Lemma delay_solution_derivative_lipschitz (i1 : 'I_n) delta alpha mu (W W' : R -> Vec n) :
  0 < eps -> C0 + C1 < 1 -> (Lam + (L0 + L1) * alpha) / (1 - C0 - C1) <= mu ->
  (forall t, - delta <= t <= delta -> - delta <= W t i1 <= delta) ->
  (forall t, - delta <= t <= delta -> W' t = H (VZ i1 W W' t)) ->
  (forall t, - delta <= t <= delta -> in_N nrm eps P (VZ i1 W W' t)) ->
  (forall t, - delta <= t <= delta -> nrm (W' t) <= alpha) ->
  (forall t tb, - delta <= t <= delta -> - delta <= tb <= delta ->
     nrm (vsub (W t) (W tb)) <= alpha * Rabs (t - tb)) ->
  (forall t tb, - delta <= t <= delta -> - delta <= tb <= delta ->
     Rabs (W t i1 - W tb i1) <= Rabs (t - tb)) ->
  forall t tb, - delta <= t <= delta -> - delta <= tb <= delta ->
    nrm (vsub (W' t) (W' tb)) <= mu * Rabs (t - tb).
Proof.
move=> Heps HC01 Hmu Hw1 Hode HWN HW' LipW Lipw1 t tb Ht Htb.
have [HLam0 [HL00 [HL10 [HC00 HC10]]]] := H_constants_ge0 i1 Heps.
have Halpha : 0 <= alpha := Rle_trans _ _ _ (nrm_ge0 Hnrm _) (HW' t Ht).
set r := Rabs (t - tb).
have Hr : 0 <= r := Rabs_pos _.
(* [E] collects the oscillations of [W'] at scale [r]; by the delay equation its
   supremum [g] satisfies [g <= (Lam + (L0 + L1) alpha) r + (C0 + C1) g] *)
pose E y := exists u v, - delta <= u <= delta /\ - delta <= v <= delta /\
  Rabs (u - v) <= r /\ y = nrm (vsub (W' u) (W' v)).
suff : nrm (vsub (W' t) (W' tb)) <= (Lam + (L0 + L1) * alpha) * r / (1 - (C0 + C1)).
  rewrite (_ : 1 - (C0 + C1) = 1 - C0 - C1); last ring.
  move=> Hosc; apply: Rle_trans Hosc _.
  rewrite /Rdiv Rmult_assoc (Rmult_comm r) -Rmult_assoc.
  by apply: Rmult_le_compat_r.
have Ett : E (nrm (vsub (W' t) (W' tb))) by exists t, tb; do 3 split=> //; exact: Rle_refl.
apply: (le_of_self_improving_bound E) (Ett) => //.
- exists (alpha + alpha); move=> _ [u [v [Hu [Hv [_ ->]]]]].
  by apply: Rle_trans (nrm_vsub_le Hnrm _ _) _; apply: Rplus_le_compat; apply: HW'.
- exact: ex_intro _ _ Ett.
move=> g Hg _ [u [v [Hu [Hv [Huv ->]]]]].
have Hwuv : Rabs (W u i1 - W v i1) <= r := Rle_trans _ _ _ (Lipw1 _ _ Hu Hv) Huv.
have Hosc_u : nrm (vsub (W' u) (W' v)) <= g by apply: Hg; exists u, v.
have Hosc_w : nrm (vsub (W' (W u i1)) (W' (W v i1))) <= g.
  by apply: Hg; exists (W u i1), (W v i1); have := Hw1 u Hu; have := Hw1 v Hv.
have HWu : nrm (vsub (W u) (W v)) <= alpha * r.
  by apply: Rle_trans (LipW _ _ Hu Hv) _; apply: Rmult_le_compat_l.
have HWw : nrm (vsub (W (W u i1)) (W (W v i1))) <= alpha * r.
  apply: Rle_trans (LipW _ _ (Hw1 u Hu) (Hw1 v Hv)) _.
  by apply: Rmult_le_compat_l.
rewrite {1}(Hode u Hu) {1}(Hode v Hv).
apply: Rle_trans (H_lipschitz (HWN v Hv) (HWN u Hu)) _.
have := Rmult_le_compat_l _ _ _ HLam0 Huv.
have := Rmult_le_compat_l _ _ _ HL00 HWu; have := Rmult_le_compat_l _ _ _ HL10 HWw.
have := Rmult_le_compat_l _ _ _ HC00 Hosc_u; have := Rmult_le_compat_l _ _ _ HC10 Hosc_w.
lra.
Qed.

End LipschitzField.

--

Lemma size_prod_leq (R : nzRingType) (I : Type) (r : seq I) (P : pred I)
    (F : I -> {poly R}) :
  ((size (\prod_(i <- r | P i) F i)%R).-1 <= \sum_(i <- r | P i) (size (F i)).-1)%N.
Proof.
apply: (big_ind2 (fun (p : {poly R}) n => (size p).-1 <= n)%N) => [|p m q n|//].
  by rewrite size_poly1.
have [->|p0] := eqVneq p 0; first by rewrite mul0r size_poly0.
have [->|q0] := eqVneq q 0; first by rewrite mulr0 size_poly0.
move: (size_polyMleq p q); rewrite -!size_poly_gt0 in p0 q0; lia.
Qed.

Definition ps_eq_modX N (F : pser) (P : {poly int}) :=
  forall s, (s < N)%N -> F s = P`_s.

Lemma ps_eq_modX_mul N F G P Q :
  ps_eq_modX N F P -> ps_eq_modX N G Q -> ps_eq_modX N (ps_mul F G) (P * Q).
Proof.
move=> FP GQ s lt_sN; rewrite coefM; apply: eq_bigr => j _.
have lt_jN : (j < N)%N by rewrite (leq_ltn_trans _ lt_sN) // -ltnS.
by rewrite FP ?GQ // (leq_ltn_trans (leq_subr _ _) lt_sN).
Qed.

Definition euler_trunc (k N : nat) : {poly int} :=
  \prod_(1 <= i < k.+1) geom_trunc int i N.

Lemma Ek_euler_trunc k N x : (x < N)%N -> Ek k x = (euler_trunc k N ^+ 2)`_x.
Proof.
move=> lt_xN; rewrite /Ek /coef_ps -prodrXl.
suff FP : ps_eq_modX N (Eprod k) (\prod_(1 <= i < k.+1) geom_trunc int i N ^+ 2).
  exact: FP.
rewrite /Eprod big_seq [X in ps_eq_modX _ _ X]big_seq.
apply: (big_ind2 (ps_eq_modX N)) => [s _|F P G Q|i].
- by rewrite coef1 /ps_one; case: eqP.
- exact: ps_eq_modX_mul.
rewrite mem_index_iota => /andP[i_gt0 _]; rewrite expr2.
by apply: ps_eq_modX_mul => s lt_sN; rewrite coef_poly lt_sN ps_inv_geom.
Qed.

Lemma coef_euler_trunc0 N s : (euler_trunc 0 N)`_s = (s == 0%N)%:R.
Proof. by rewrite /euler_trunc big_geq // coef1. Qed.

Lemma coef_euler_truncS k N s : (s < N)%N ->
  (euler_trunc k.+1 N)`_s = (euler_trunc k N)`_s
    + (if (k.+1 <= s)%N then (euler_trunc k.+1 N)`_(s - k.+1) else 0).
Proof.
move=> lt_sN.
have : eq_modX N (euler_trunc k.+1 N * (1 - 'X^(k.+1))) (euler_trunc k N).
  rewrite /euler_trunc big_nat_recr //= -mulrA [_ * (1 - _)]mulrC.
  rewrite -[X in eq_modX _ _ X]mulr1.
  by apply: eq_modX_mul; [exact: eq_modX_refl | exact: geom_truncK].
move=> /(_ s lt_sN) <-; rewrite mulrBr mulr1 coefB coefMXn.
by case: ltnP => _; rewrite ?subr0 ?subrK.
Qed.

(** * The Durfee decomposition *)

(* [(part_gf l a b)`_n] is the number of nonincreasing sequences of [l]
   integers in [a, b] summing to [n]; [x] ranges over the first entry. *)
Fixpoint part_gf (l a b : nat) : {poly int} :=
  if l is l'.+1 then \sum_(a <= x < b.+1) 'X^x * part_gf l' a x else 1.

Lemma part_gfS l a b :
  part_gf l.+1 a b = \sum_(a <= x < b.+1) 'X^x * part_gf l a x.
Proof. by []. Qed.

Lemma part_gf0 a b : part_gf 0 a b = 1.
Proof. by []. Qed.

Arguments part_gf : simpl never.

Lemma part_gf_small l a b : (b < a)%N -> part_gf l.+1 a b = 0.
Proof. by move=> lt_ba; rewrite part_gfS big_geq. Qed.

--

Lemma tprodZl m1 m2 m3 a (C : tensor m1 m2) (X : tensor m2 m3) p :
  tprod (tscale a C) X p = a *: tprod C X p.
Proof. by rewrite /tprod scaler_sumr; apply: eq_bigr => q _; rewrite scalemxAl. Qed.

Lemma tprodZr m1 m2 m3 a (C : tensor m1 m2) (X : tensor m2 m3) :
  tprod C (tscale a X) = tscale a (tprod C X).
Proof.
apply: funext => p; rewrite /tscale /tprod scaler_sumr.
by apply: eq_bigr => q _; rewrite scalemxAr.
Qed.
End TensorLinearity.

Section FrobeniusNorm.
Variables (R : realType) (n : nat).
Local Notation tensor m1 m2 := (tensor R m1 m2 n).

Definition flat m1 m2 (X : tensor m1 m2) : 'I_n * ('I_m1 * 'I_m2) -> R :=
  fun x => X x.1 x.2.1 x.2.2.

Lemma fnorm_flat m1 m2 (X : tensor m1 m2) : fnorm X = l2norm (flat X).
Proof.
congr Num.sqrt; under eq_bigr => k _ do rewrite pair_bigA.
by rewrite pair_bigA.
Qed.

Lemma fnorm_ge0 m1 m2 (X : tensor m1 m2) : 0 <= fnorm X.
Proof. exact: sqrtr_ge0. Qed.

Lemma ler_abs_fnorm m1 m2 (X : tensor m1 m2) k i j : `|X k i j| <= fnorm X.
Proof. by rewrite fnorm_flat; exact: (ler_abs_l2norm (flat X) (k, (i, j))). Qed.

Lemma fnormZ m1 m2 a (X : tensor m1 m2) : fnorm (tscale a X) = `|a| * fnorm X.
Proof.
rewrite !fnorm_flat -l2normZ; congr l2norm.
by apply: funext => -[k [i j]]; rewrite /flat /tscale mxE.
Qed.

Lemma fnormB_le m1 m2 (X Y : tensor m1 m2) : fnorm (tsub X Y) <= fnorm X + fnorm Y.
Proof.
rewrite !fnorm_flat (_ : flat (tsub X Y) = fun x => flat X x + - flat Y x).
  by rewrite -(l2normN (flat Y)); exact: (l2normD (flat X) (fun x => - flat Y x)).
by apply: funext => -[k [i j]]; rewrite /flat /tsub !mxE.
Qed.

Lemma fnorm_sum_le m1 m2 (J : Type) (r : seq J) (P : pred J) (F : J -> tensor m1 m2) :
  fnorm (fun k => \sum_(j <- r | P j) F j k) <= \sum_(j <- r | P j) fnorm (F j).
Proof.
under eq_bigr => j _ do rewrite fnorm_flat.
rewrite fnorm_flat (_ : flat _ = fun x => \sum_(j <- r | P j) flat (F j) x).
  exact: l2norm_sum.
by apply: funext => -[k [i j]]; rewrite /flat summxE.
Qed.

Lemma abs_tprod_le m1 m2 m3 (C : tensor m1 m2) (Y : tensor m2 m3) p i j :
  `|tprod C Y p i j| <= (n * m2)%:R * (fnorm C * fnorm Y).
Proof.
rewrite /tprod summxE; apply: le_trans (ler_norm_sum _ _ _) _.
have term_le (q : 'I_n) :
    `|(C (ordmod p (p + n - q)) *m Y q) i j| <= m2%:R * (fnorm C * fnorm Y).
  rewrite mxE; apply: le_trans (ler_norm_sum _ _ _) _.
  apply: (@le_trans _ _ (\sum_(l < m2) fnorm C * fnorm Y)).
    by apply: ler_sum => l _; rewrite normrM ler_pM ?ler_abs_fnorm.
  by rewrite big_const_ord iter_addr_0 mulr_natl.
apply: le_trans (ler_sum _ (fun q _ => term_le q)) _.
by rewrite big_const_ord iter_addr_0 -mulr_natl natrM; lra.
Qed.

--

## Problem to solve
Take the entries above and copy out all lines with the string "under".

## Expected answer
congr Num.sqrt; under eq_bigr => k _ do rewrite pair_bigA.
under eq_bigr => j _ do rewrite fnorm_flat.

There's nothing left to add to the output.